General characteristics
- Tonnage: 306 BRT
- Displacement: 400 tons
- Length: 181 ft (55 m)
- Beam: 28 ft (8.5 m)
- Draft: 13.1 ft (4.0 m)
- Propulsion: sail, 520 hp diesel
- Complement: 50
- Notes: Sail area: 1200 m²

= Fryderyk Chopin (ship) =

Polish brig-rigged sailing-ship

Fryderyk Chopin is a Polish brig-rigged sailing-ship.

==History==
The ship was designed by Polish naval architect Zygmunt Choreń, named in honour of the early to mid 19th century Polish composer Fryderyk Chopin, and launched in 1992 in the Dora Shipyard, Gdynia, Poland. She was chartered for a year by West Island College (Class Afloat) in Nova Scotia to expand their Tall Ship educational program. After that, she was operated by the European School of Law and Administration, a private university in Poland.
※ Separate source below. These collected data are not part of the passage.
(* Cauchy-Schwarz inequality in C^4, via Lagrange's identity. *)
Lemma cauchy_schwarz4 (u1 u2 u3 u4 v1 v2 v3 v4 : Defs.C) :
  Cnorm2 (Cadd (Cadd (Cmul u1 v1) (Cmul u2 v2)) (Cadd (Cmul u3 v3) (Cmul u4 v4))) <=
  (Cnorm2 u1 + Cnorm2 u2 + Cnorm2 u3 + Cnorm2 u4) * (Cnorm2 v1 + Cnorm2 v2 + Cnorm2 v3 + Cnorm2 v4).
Proof.
  destruct u1 as [a1 b1], u2 as [a2 b2], u3 as [a3 b3], u4 as [a4 b4].
  destruct v1 as [c1 d1], v2 as [c2 d2], v3 as [c3 d3], v4 as [c4 d4].
  unfold Cnorm2, Cadd, Cmul. simpl.
  (* T = |u_k v_l - u_l v_k|^2 *)
  set (T := fun a b c d a' b' c' d' =>
     (a * c' + b * d' - (a' * c + b' * d)) ^ 2 + (b * c' - a * d' - (b' * c - a' * d)) ^ 2).
  assert (HT : forall a b c d a' b' c' d', 0 <= T a b c d a' b' c' d').
  { intros. unfold T.
    pose proof (pow2_ge_0 (a * c' + b * d' - (a' * c + b' * d))).
    pose proof (pow2_ge_0 (b * c' - a * d' - (b' * c - a' * d))). lra. }
  match goal with |- ?l <= ?r =>
    assert (r - l = T a1 b1 c1 d1 a2 b2 c2 d2 + T a1 b1 c1 d1 a3 b3 c3 d3
                  + T a1 b1 c1 d1 a4 b4 c4 d4 + T a2 b2 c2 d2 a3 b3 c3 d3
                  + T a2 b2 c2 d2 a4 b4 c4 d4 + T a3 b3 c3 d3 a4 b4 c4 d4) by (unfold T; ring) end.
  pose proof (HT a1 b1 c1 d1 a2 b2 c2 d2). pose proof (HT a1 b1 c1 d1 a3 b3 c3 d3).
  pose proof (HT a1 b1 c1 d1 a4 b4 c4 d4). pose proof (HT a2 b2 c2 d2 a3 b3 c3 d3).
  pose proof (HT a2 b2 c2 d2 a4 b4 c4 d4). pose proof (HT a3 b3 c3 d3 a4 b4 c4 d4).
  lra.
Qed.

Lemma amp3_via_post_state phi f g h :
  amp3 phi f g h =
  Cadd (Cadd (Cmul (Cmul (Cconj (f false)) (Cconj (h false))) (post_state phi PB g false false))
             (Cmul (Cmul (Cconj (f false)) (Cconj (h true))) (post_state phi PB g false true)))
       (Cadd (Cmul (Cmul (Cconj (f true)) (Cconj (h false))) (post_state phi PB g true false))
             (Cmul (Cmul (Cconj (f true)) (Cconj (h true))) (post_state phi PB g true true))).
Proof. unfold amp3, post_state, Csum2, Cmul, Cadd, Cconj. simpl. f_equal; ring. Qed.

Lemma Cnorm2_mul_conj u v : Cnorm2 (Cmul (Cconj u) (Cconj v)) = Cnorm2 u * Cnorm2 v.
Proof. destruct u, v. unfold Cnorm2, Cmul, Cconj; simpl. ring. Qed.

Lemma amp3_le_post_prob phi f g h :
  Rsum2 (fun k => Cnorm2 (f k)) = 1 -> Rsum2 (fun k => Cnorm2 (h k)) = 1 ->
  Cnorm2 (amp3 phi f g h) <= post_prob phi PB g.
Proof.
  intros Hf Hh. rewrite amp3_via_post_state. eapply Rle_trans; [apply cauchy_schwarz4 |].
  rewrite !Cnorm2_mul_conj. unfold Rsum2 in Hf, Hh. unfold post_prob, Rsum2.
  replace (Cnorm2 (f false) * Cnorm2 (h false) + Cnorm2 (f false) * Cnorm2 (h true)
           + Cnorm2 (f true) * Cnorm2 (h false) + Cnorm2 (f true) * Cnorm2 (h true))
    with ((Cnorm2 (f false) + Cnorm2 (f true)) * (Cnorm2 (h false) + Cnorm2 (h true))) by ring.
  rewrite Hf, Hh. lra.
Qed.

Lemma post_prob_B_qform phi g :
  post_prob phi PB g =
  fst (rhoB phi false false) * Cnorm2 (g false) + fst (rhoB phi true true) * Cnorm2 (g true)
  + 2 * (fst (Cmul (Cconj (g false)) (g true)) * fst (rhoB phi false true)
         - snd (Cmul (Cconj (g false)) (g true)) * snd (rhoB phi false true)).
Proof. unfold post_prob, post_state, rhoB, Rsum2, Csum2, Cnorm2, Cmul, Cadd, Cconj. simpl. ring. Qed.

Lemma amp3_le_max_eig phi f g h : is_unit3 phi ->
  Rsum2 (fun k => Cnorm2 (f k)) = 1 -> Rsum2 (fun k => Cnorm2 (g k)) = 1 ->
  Rsum2 (fun k => Cnorm2 (h k)) = 1 ->
  Cnorm2 (amp3 phi f g h) <= (1 + bloch (rhoB phi)) / 2.
Proof.
  intros Hu Hf Hg Hh. eapply Rle_trans; [apply amp3_le_post_prob; assumption |].
  rewrite post_prob_B_qform, <- (rhoB_trace phi Hu). unfold mtrace, bloch.
  apply qform_le_max_eig; [exact Hg |].
  unfold Cnorm2, Cmul, Cconj. destruct (g false), (g true). simpl. ring.
Qed.

Lemma amp3_inner phi f g h :
  amp3 phi f g h = inner h (fun c => inner g (fun b => inner f (fun a => phi a b c))).
Proof. unfold amp3, inner, Csum2, Cmul, Cadd, Cconj. simpl. f_equal; ring. Qed.

(* For an adaptive scheme measuring the parties in their natural order, the
   outcome probabilities sum to the squared norm of the state: apply Parseval
   to the last, then the middle, then the first measured qubit. *)
Lemma outcome_probs_total (phi : state3) (b1 : bool -> qubit) (b2 : bool -> bool -> qubit)
  (b3 : bool -> bool -> bool -> qubit) :
  orthonormal_basis b1 -> (forall i1, orthonormal_basis (b2 i1)) ->
  (forall i1 i2, orthonormal_basis (b3 i1 i2)) ->
  Rsum2 (fun i1 => Rsum2 (fun i2 => Rsum2 (fun i3 =>
    Cnorm2 (amp3 phi (b1 i1) (b2 i1 i2) (b3 i1 i2 i3)))))
  = Rsum2 (fun a => Rsum2 (fun b => Rsum2 (fun c => Cnorm2 (phi a b c)))).
Proof.
  intros H1 H2 H3.
  set (after1 := fun i1 b c => inner (b1 i1) (fun a => phi a b c)).
  set (after2 := fun i1 i2 c => inner (b2 i1 i2) (fun b => after1 i1 b c)).
  assert (S3 : forall i1 i2, Rsum2 (fun i3 => Cnorm2 (amp3 phi (b1 i1) (b2 i1 i2) (b3 i1 i2 i3)))
                            = Rsum2 (fun c => Cnorm2 (after2 i1 i2 c))).
  { intros i1 i2. rewrite <- (parseval _ (H3 i1 i2) (after2 i1 i2)).
    unfold Rsum2. rewrite !amp3_inner. reflexivity. }
  assert (S2 : forall i1 c, Rsum2 (fun i2 => Cnorm2 (after2 i1 i2 c))
                           = Rsum2 (fun b => Cnorm2 (after1 i1 b c)))
    by (intros i1 c; apply (parseval _ (H2 i1))).
  assert (S1 : forall b c, Rsum2 (fun i1 => Cnorm2 (after1 i1 b c))
                          = Rsum2 (fun a => Cnorm2 (phi a b c)))
    by (intros b c; apply (parseval _ H1)).
  pose proof (S3 false false). pose proof (S3 false true).
  pose proof (S3 true false). pose proof (S3 true true).
  pose proof (S2 false false). pose proof (S2 false true).
  pose proof (S2 true false). pose proof (S2 true true).
  pose proof (S1 false false). pose proof (S1 false true).
  pose proof (S1 true false). pose proof (S1 true true).
  unfold Rsum2 in *. lra.
Qed.

Definition relabel (o1 o2 o3 : party) (psi : state3) : state3 :=
  fun i j k =>
    let slot X := if party_eqb X o1 then i else if party_eqb X o2 then j else k in
    psi (slot PA) (slot PB) (slot PC).

Section Relabel.
Variables o1 o2 o3 : party.
Hypotheses (H12 : o1 <> o2) (H13 : o1 <> o3) (H23 : o2 <> o3).

Lemma amp3_relabel psi (f : party -> qubit) :
  amp3 psi (f PA) (f PB) (f PC) = amp3 (relabel o1 o2 o3 psi) (f o1) (f o2) (f o3).
Proof.
  destruct o1, o2, o3; try congruence;
  unfold amp3, relabel, Csum2, Cmul, Cadd, Cconj; simpl; f_equal; ring.
Qed.

Lemma is_unit3_relabel psi : is_unit3 psi -> is_unit3 (relabel o1 o2 o3 psi).
Proof.
  unfold is_unit3. intro Hu. rewrite <- Hu.
  destruct o1, o2, o3; try congruence; unfold relabel, Rsum2; simpl; ring.
Qed.

End Relabel.

Lemma party_eqb_refl X : party_eqb X X = true.
Proof. destruct X; reflexivity. Qed.

Lemma party_eqb_neq X Y : X <> Y -> party_eqb X Y = false.
Proof. destruct X, Y; simpl; congruence. Qed.

Lemma scheme_prob_ordered psi s i1 i2 i3 : valid_scheme s ->
  scheme_prob psi s i1 i2 i3 =
  Cnorm2 (amp3 (relabel (ord1 s) (ord2 s) (ord3 s) psi) (bas1 s i1) (bas2 s i1 i2) (bas3 s i1 i2 i3)).
Proof.
  intros [H12 [H13 [H23 _]]]. unfold scheme_prob.
  rewrite (amp3_relabel _ _ _ H12 H13 H23 psi (scheme_vec s i1 i2 i3)).
  unfold scheme_vec. rewrite !party_eqb_refl, (party_eqb_neq _ _ (not_eq_sym H12)),
    (party_eqb_neq _ _ (not_eq_sym H13)), (party_eqb_neq _ _ (not_eq_sym H23)).
  reflexivity.
Qed.

Definition outcome_list (p : bool -> bool -> bool -> R) : list R :=
  p false false false :: p false false true :: p false true false :: p false true true ::
  p true false false :: p true false true :: p true true false :: p true true true :: nil.

Lemma scheme_prob_total psi s : is_unit3 psi -> valid_scheme s ->
  sum_list (outcome_list (scheme_prob psi s)) = 1.
Proof.
  intros Hu Hs. pose proof Hs as [H12 [H13 [H23 [B1 [B2 B3]]]]].
  pose proof (is_unit3_relabel _ _ _ H12 H13 H23 psi Hu) as Hu'. unfold is_unit3 in Hu'.
  rewrite <- Hu', <- (outcome_probs_total _ _ _ _ B1 B2 B3).
  unfold outcome_list, sum_list, Rsum2. simpl. rewrite !(scheme_prob_ordered psi s) by exact Hs.
  ring.
Qed.

Lemma shannon3_sum_xlnx p : shannon3 p = - sum_xlnx (outcome_list p) / ln 2.
Proof.
  pose proof ln2_pos. unfold shannon3, Rsum2, outcome_list, sum_xlnx. simpl.
  rewrite !xlog2x_xlnx. field. lra.
Qed.

Lemma scheme_vec_unit s i1 i2 i3 Y : valid_scheme s ->
  Rsum2 (fun k => Cnorm2 (scheme_vec s i1 i2 i3 Y k)) = 1.
Proof.
  intros [_ [_ [_ [B1 [B2 B3]]]]]. unfold scheme_vec.
  destruct (party_eqb Y (ord1 s)); [| destruct (party_eqb Y (ord2 s))]; apply onb_unit; auto.
Qed.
On 29 October 2010 the vessel was reported as in distress 100 miles off the Isles of Scilly having lost both masts in gale force winds and heavy seas. She was on a three and a half month cruise from the Netherlands to the Caribbean with 47 crew aboard including 36 trainees aged 14 years. Although there was an engine the ship's master was unwilling to use it for fear of trailing debris snagging on the propeller. There were no reported injuries. The ship was towed into the sheltered waters of Falmouth Bay after 100 miles and three days on tow by a small fishing trawler Nova Spero; whose Captain, Shaun Edwards answered the Mayday call.

Since 2011, the ship is operated by 3Oceans, a Polish private ship operator. She serves as the ship of The Blue School, a sail training project ran by STS Fryderyk Chopin foundation.

Under the new owner the vessel won many important races and titles: The Tall Ships Races in 2012, 2015 and 2019 as well as Boston Teapot Trophy in 2019 and 2021.

== Fryderyk Chopin in the media ==
The movie The Blue School Diaries was shot on board.